WORK INSTRUCTION. Only the lines below starting at the one containing "Definition dualR (K" and ending at the one containing "(forall z (a : K) x y, w (a" belong in the answer, each copied exactly.

☆ ☆ ☆

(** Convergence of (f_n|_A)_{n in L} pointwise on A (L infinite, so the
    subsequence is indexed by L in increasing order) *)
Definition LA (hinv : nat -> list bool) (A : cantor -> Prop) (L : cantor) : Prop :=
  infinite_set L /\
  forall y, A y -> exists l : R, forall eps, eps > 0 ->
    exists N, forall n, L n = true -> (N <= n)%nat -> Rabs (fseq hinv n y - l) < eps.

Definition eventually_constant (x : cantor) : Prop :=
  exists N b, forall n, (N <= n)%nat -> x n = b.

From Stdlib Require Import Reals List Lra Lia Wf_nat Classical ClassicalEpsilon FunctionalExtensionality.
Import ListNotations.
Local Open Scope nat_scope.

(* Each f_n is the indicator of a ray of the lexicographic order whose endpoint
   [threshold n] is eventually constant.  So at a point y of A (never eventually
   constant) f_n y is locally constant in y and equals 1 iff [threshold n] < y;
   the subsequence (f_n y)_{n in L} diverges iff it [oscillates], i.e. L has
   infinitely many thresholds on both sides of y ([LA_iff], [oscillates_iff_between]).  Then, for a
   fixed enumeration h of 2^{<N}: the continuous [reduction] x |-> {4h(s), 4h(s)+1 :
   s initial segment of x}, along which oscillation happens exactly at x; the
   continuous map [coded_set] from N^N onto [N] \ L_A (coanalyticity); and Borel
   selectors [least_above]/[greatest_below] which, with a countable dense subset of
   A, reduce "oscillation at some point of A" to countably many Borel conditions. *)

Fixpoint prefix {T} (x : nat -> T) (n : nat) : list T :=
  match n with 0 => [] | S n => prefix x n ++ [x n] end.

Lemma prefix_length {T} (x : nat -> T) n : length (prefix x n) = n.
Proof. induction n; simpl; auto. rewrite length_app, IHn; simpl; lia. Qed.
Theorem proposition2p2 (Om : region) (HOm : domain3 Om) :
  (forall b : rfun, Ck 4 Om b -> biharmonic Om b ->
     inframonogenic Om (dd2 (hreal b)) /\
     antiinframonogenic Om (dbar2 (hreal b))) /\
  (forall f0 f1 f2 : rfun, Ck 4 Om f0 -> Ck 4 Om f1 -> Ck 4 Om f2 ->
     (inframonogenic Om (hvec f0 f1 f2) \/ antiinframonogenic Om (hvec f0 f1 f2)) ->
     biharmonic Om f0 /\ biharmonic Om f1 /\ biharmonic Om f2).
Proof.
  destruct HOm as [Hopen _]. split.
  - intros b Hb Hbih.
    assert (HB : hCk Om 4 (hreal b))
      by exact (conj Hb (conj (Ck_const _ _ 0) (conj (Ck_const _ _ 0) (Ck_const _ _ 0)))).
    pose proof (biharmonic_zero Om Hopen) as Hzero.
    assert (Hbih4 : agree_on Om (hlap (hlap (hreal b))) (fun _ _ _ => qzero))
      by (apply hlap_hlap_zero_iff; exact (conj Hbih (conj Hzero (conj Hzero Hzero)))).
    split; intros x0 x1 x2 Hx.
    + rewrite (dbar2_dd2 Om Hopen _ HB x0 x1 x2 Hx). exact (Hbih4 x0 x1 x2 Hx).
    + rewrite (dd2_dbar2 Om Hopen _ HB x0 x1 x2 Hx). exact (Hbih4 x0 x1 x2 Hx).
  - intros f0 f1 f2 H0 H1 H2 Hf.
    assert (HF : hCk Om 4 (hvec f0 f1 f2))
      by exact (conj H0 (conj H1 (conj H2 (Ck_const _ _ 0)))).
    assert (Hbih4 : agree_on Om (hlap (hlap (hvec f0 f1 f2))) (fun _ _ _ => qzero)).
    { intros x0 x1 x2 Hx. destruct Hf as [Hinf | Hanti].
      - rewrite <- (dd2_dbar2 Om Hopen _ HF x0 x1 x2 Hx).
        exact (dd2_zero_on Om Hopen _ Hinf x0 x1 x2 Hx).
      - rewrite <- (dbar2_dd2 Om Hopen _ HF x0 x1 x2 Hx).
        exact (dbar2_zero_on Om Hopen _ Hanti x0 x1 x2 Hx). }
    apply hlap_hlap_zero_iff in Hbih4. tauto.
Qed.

☆ ☆ ☆

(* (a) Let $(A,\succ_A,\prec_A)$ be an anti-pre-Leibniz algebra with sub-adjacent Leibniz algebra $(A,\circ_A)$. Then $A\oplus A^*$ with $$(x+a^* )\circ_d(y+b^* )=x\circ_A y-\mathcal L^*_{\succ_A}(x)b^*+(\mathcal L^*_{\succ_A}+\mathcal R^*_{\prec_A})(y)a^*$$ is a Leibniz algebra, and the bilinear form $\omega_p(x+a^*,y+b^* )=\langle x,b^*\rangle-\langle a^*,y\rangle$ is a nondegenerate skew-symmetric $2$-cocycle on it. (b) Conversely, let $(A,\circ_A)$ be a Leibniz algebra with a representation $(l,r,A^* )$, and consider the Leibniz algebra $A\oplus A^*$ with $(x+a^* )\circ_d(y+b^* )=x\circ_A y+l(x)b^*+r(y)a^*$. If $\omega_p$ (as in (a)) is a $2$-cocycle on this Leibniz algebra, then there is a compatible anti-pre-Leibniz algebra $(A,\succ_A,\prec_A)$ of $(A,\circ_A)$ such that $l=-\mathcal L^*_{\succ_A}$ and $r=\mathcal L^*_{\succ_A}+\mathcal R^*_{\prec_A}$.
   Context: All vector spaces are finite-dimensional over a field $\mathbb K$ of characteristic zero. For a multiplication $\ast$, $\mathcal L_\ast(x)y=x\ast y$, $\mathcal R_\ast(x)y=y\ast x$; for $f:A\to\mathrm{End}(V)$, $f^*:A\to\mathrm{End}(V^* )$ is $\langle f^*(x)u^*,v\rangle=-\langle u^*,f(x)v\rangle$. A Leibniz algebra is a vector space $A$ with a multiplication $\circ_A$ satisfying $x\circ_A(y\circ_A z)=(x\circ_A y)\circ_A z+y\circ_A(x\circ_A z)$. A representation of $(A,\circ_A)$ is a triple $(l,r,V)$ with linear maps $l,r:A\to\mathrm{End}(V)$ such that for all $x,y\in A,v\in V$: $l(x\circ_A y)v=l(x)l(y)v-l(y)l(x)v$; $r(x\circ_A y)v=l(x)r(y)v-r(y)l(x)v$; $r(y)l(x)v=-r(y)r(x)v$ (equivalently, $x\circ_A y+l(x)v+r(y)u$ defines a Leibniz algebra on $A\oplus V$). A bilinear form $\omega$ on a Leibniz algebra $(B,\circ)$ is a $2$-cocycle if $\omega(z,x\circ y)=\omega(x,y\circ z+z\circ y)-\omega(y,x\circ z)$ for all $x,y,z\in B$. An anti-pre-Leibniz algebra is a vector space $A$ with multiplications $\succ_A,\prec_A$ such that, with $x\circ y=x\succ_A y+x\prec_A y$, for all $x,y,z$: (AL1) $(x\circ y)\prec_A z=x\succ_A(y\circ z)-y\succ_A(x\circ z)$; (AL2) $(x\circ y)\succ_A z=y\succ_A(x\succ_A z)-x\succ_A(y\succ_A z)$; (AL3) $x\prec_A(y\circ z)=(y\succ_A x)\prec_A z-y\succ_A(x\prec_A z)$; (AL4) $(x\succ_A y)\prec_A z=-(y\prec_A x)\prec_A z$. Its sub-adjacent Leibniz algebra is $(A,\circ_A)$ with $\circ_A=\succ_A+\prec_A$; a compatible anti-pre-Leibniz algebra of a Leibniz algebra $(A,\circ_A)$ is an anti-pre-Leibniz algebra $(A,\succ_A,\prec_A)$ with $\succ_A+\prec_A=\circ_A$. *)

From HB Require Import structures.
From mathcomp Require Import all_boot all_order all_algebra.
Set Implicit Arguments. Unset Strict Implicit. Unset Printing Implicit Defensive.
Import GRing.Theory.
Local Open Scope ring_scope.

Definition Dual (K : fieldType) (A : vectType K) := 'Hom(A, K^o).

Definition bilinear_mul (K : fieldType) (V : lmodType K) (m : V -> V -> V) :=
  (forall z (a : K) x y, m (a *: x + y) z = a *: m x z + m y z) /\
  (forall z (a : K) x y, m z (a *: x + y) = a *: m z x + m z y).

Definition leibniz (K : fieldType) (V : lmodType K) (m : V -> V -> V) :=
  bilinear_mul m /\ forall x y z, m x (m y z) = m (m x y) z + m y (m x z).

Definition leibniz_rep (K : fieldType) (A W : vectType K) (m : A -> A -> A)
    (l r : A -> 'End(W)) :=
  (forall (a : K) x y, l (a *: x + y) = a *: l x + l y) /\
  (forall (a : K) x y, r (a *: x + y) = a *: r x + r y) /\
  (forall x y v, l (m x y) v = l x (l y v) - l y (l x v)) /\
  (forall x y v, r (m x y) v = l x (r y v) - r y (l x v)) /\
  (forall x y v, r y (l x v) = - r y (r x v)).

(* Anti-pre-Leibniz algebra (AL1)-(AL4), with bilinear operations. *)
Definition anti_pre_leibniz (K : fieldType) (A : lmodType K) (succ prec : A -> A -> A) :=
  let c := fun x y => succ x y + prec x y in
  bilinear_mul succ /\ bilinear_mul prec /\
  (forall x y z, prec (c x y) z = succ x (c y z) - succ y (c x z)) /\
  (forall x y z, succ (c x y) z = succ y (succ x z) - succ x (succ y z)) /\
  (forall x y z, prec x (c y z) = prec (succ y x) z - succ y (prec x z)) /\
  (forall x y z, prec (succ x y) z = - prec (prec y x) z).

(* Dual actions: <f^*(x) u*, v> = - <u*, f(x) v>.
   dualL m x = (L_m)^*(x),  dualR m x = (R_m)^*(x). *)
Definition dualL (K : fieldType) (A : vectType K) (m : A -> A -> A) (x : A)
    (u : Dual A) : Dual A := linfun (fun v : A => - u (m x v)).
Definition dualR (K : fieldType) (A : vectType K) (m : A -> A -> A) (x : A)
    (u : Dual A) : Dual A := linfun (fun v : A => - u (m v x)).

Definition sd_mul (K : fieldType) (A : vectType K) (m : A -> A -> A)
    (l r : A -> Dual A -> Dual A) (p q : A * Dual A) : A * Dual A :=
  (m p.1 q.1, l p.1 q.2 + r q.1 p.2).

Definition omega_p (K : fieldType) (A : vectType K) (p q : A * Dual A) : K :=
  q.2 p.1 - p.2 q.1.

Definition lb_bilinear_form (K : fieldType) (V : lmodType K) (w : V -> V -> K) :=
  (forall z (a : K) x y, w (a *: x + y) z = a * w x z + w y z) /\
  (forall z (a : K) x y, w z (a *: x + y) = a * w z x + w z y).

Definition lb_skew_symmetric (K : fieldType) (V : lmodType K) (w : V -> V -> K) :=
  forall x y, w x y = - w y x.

☆ ☆ ☆

TASK OUTPUT.
Definition dualR (K : fieldType) (A : vectType K) (m : A -> A -> A) (x : A)
    (u : Dual A) : Dual A := linfun (fun v : A => - u (m v x)).

Definition sd_mul (K : fieldType) (A : vectType K) (m : A -> A -> A)
    (l r : A -> Dual A -> Dual A) (p q : A * Dual A) : A * Dual A :=
  (m p.1 q.1, l p.1 q.2 + r q.1 p.2).

Definition omega_p (K : fieldType) (A : vectType K) (p q : A * Dual A) : K :=
  q.2 p.1 - p.2 q.1.

Definition lb_bilinear_form (K : fieldType) (V : lmodType K) (w : V -> V -> K) :=
  (forall z (a : K) x y, w (a *: x + y) z = a * w x z + w y z) /\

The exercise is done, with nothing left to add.